Material provided:

--

(* Proof by contradiction: at s, the last time in [t, T] with i not below j,
   the gap is still nonnegative (durations are 1-Lipschitz), and after s it
   cannot decrease, contradicting gap T < 0. *)
Lemma duration_order_preserved i j t T : 0 <= t <= T -> E i T <= 0 -> 0 < E j T ->
  dur i t < dur j t.
Proof.
move=> /andP[t0 tT] EiT EjT.
pose gap u := dur i u - dur j u.
rewrite -subr_lt0 -/(gap t) ltNge; apply/negP => gap_t.
have gap_T : gap T < 0.
  rewrite /gap subr_lt0 (@le_lt_trans _ _ 0) ?divr_gt0 //.
  by rewrite mulr_le0_ge0 // invr_ge0 ltW.
pose Z := [set u | t <= u <= T /\ 0 <= gap u].
have Zt : Z t by split => //; rewrite lexx tT.
have hs : has_sup Z by split; [exists t | exists T => u [/andP[_ ->]]].
pose s := sup Z.
have ts : t <= s by apply: sup_upper_bound.
have sT : s <= T by apply: ge_sup => //; [exists t | move=> u [/andP[_ ->]]].
have s0 : 0 <= s by apply: le_trans ts.
have gap_s : 0 <= gap s.
  rewrite leNgt; apply/negP => gap_s_neg.
  have eta0 : 0 < - gap s / 2 by rewrite divr_gt0 // oppr_gt0.
  have [u Zu hu] := sup_adherent eta0 hs.
  have [/andP[tu uT] gap_u] := Zu.
  have us : 0 <= u <= s by rewrite (le_trans t0 tu) sup_upper_bound.
  have := duration_drop_bound (hP i) hr.1 us.
  have := duration_drop_bound (hP j) hr.1 us.
  move: gap_u gap_s_neg hu; rewrite /gap -/s.
  set a := dur i u; set b := dur j u; set c := dur i s; set e := dur j s.
  lra.
have after_s u : s < u <= T -> dur i u < dur j u.
  move=> /andP[su uT]; rewrite -subr_lt0 -/(gap u) ltNge; apply/negP => gap_u.
  have Zu : Z u by split => //; rewrite uT andbT (le_trans ts (ltW su)).
  by have := sup_upper_bound hs Zu; rewrite leNgt su.
have := duration_gap_nondecreasing (i := i) (j := j) (s := s) (v := T).
by rewrite s0 sT EjT => /(_ isT isT after_s); rewrite -/(gap s) -/(gap T); lra.
Qed.
End OrderPreservation.

Section Delivery.
Variables (R : realType) (S : finType) (Ebar P E0 : S -> R).
Local Notation mu := (@lebesgue_measure R).
Variable d : R -> R.
Hypothesis hdint : forall t, 0 <= t -> mu.-integrable `[0, t]%classic (fun s => (d s)%:E).
Variable q : S -> R -> R.
Hypothesis hq : is_policy Ebar P E0 d q.

Lemma window_fin (t0 : R) : window t0%:E = `[0, t0]%classic.
Proof.
apply/seteqP; split => x /=; rewrite /window /= in_itv /=.
  by move=> [-> xt]; rewrite -lee_fin.
by move=> /andP[x0 xt]; split => //; rewrite lee_fin.
Qed.

Lemma demand_measurable (t0 : R) : 0 <= t0 -> measurable_fun `[0, t0]%classic d.
Proof.
move=> t00; have := measurable_int mu (hdint t00).
by move/measurable_EFinP.
Qed.

Lemma policy_emeasurable k (A : set R) : A `<=` [set t | 0 <= t] ->
  measurable_fun A (fun x => (q k x)%:E).
Proof. by move=> A0; apply/measurable_EFinP; apply: (policy_measurable hq). Qed.

Lemma policy_erate_ge0 k (A : set R) : A `<=` [set t | 0 <= t] ->
  forall x, A x -> (0 <= (q k x)%:E)%E.
Proof. by move=> A0 x /A0 x0; rewrite lee_fin (policy_rate_ge0 hq). Qed.

Lemma delivered_sum (A : set R) : measurable A -> A `<=` [set t | 0 <= t] ->
  (\sum_k \int[mu]_(x in A) (q k x)%:E = \int[mu]_(x in A) (\sum_k q k x)%:E)%E.
Proof.
move=> mA A0; rewrite -ge0_integral_sum //.
- by apply: eq_integral => x _; rewrite sumEFin.
- by move=> k; apply: policy_emeasurable.
- by move=> k; apply: policy_erate_ge0.
Qed.

Lemma delivered_energy (k : S) (t0 : R) : 0 <= t0 ->
  (\int[mu]_(x in `[0%R, t0]%classic) (q k x)%:E = (E0 k - energy E0 q k t0)%:E)%E.
Proof.
move=> t00; rewrite /energy opprB addrC subrK /Rintegral fineK //.
apply: (integrable_fin_num (mu := mu) (measurable_itv _)).
exact: (policy_integrable_cc hq k t0 (lexx 0)).
Qed.

Lemma delivered_le_initial k (t0 : R) (A : set R) : 0 <= t0 -> measurable A ->
  A `<=` `[0, t0]%classic -> (\int[mu]_(x in A) (q k x)%:E <= (E0 k)%:E)%E.
Proof.
move=> t00 mA AW; have W0 := itv_cc_nonneg (b := t0) (lexx 0).
apply: (le_trans (ge0_subset_integral mu mA (measurable_itv _)
  (policy_emeasurable k W0) (policy_erate_ge0 k W0) AW)).
by rewrite delivered_energy // lee_fin lerBlDr lerDl (policy_energy_ge0 hq).
Qed.

Lemma delivered_le_rate k (A : set R) : measurable A -> A `<=` [set t | 0 <= t] ->
  (\int[mu]_(x in A) (q k x)%:E <= (P k)%:E * mu A)%E.
Proof.
move=> mA A0; rewrite -integral_cst //; apply: ge0_le_integral => //.
- exact: policy_erate_ge0.
- exact: policy_emeasurable.
- by move=> x /A0 x0; rewrite lee_fin (policy_rate_le hq).
Qed.

Lemma delivered_le_demand (t0 : R) (B : set R) : 0 <= t0 -> measurable B ->
  B `<=` `[0, t0]%classic ->
  (\sum_k \int[mu]_(x in B) (q k x)%:E <= \int[mu]_(x in B) (d x)%:E)%E.
Proof.
move=> t00 mB BW.
have B0 : B `<=` [set t | 0 <= t] by move=> x /BW; apply: itv_cc_nonneg.
rewrite delivered_sum //; apply: ge0_le_integral => //.
- by move=> x /B0 x0; rewrite lee_fin sumr_ge0 // => k _; apply: (policy_rate_ge0 hq).
- by apply/measurable_EFinP; apply: measurable_sum => k; apply: (policy_measurable hq).
- by apply/measurable_EFinP; apply: measurable_funS (demand_measurable t00).
- by move=> x /B0 x0; rewrite lee_fin; have [_ _ ->] := hq.2 x x0.
Qed.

--

What this task involves: Give back the listing above exactly as written.

Answer space:
(* Proof by contradiction: at s, the last time in [t, T] with i not below j,
   the gap is still nonnegative (durations are 1-Lipschitz), and after s it
   cannot decrease, contradicting gap T < 0. *)
Lemma duration_order_preserved i j t T : 0 <= t <= T -> E i T <= 0 -> 0 < E j T ->
  dur i t < dur j t.
Proof.
move=> /andP[t0 tT] EiT EjT.
pose gap u := dur i u - dur j u.
rewrite -subr_lt0 -/(gap t) ltNge; apply/negP => gap_t.
have gap_T : gap T < 0.
  rewrite /gap subr_lt0 (@le_lt_trans _ _ 0) ?divr_gt0 //.
  by rewrite mulr_le0_ge0 // invr_ge0 ltW.
pose Z := [set u | t <= u <= T /\ 0 <= gap u].
have Zt : Z t by split => //; rewrite lexx tT.
have hs : has_sup Z by split; [exists t | exists T => u [/andP[_ ->]]].
pose s := sup Z.
have ts : t <= s by apply: sup_upper_bound.
have sT : s <= T by apply: ge_sup => //; [exists t | move=> u [/andP[_ ->]]].
have s0 : 0 <= s by apply: le_trans ts.
have gap_s : 0 <= gap s.
  rewrite leNgt; apply/negP => gap_s_neg.
  have eta0 : 0 < - gap s / 2 by rewrite divr_gt0 // oppr_gt0.
  have [u Zu hu] := sup_adherent eta0 hs.
  have [/andP[tu uT] gap_u] := Zu.
  have us : 0 <= u <= s by rewrite (le_trans t0 tu) sup_upper_bound.
  have := duration_drop_bound (hP i) hr.1 us.
  have := duration_drop_bound (hP j) hr.1 us.
  move: gap_u gap_s_neg hu; rewrite /gap -/s.
  set a := dur i u; set b := dur j u; set c := dur i s; set e := dur j s.
  lra.
have after_s u : s < u <= T -> dur i u < dur j u.
  move=> /andP[su uT]; rewrite -subr_lt0 -/(gap u) ltNge; apply/negP => gap_u.
  have Zu : Z u by split => //; rewrite uT andbT (le_trans ts (ltW su)).
  by have := sup_upper_bound hs Zu; rewrite leNgt su.
have := duration_gap_nondecreasing (i := i) (j := j) (s := s) (v := T).
by rewrite s0 sT EjT => /(_ isT isT after_s); rewrite -/(gap s) -/(gap T); lra.
Qed.
End OrderPreservation.

Section Delivery.
Variables (R : realType) (S : finType) (Ebar P E0 : S -> R).
Local Notation mu := (@lebesgue_measure R).
Variable d : R -> R.
Hypothesis hdint : forall t, 0 <= t -> mu.-integrable `[0, t]%classic (fun s => (d s)%:E).
Variable q : S -> R -> R.
Hypothesis hq : is_policy Ebar P E0 d q.

Lemma window_fin (t0 : R) : window t0%:E = `[0, t0]%classic.
Proof.
apply/seteqP; split => x /=; rewrite /window /= in_itv /=.
  by move=> [-> xt]; rewrite -lee_fin.
by move=> /andP[x0 xt]; split => //; rewrite lee_fin.
Qed.

Lemma demand_measurable (t0 : R) : 0 <= t0 -> measurable_fun `[0, t0]%classic d.
Proof.
move=> t00; have := measurable_int mu (hdint t00).
by move/measurable_EFinP.
Qed.

Lemma policy_emeasurable k (A : set R) : A `<=` [set t | 0 <= t] ->
  measurable_fun A (fun x => (q k x)%:E).
Proof. by move=> A0; apply/measurable_EFinP; apply: (policy_measurable hq). Qed.

Lemma policy_erate_ge0 k (A : set R) : A `<=` [set t | 0 <= t] ->
  forall x, A x -> (0 <= (q k x)%:E)%E.
Proof. by move=> A0 x /A0 x0; rewrite lee_fin (policy_rate_ge0 hq). Qed.

Lemma delivered_sum (A : set R) : measurable A -> A `<=` [set t | 0 <= t] ->
  (\sum_k \int[mu]_(x in A) (q k x)%:E = \int[mu]_(x in A) (\sum_k q k x)%:E)%E.
Proof.
move=> mA A0; rewrite -ge0_integral_sum //.
- by apply: eq_integral => x _; rewrite sumEFin.
- by move=> k; apply: policy_emeasurable.
- by move=> k; apply: policy_erate_ge0.
Qed.

Lemma delivered_energy (k : S) (t0 : R) : 0 <= t0 ->
  (\int[mu]_(x in `[0%R, t0]%classic) (q k x)%:E = (E0 k - energy E0 q k t0)%:E)%E.
Proof.
move=> t00; rewrite /energy opprB addrC subrK /Rintegral fineK //.
apply: (integrable_fin_num (mu := mu) (measurable_itv _)).
exact: (policy_integrable_cc hq k t0 (lexx 0)).
Qed.

Lemma delivered_le_initial k (t0 : R) (A : set R) : 0 <= t0 -> measurable A ->
  A `<=` `[0, t0]%classic -> (\int[mu]_(x in A) (q k x)%:E <= (E0 k)%:E)%E.
Proof.
move=> t00 mA AW; have W0 := itv_cc_nonneg (b := t0) (lexx 0).
apply: (le_trans (ge0_subset_integral mu mA (measurable_itv _)
  (policy_emeasurable k W0) (policy_erate_ge0 k W0) AW)).
by rewrite delivered_energy // lee_fin lerBlDr lerDl (policy_energy_ge0 hq).
Qed.

Lemma delivered_le_rate k (A : set R) : measurable A -> A `<=` [set t | 0 <= t] ->
  (\int[mu]_(x in A) (q k x)%:E <= (P k)%:E * mu A)%E.
Proof.
move=> mA A0; rewrite -integral_cst //; apply: ge0_le_integral => //.
- exact: policy_erate_ge0.
- exact: policy_emeasurable.
- by move=> x /A0 x0; rewrite lee_fin (policy_rate_le hq).
Qed.

Lemma delivered_le_demand (t0 : R) (B : set R) : 0 <= t0 -> measurable B ->
  B `<=` `[0, t0]%classic ->
  (\sum_k \int[mu]_(x in B) (q k x)%:E <= \int[mu]_(x in B) (d x)%:E)%E.
Proof.
move=> t00 mB BW.
have B0 : B `<=` [set t | 0 <= t] by move=> x /BW; apply: itv_cc_nonneg.
rewrite delivered_sum //; apply: ge0_le_integral => //.
- by move=> x /B0 x0; rewrite lee_fin sumr_ge0 // => k _; apply: (policy_rate_ge0 hq).
- by apply/measurable_EFinP; apply: measurable_sum => k; apply: (policy_measurable hq).
- by apply/measurable_EFinP; apply: measurable_funS (demand_measurable t00).
- by move=> x /B0 x0; rewrite lee_fin; have [_ _ ->] := hq.2 x x0.
Qed.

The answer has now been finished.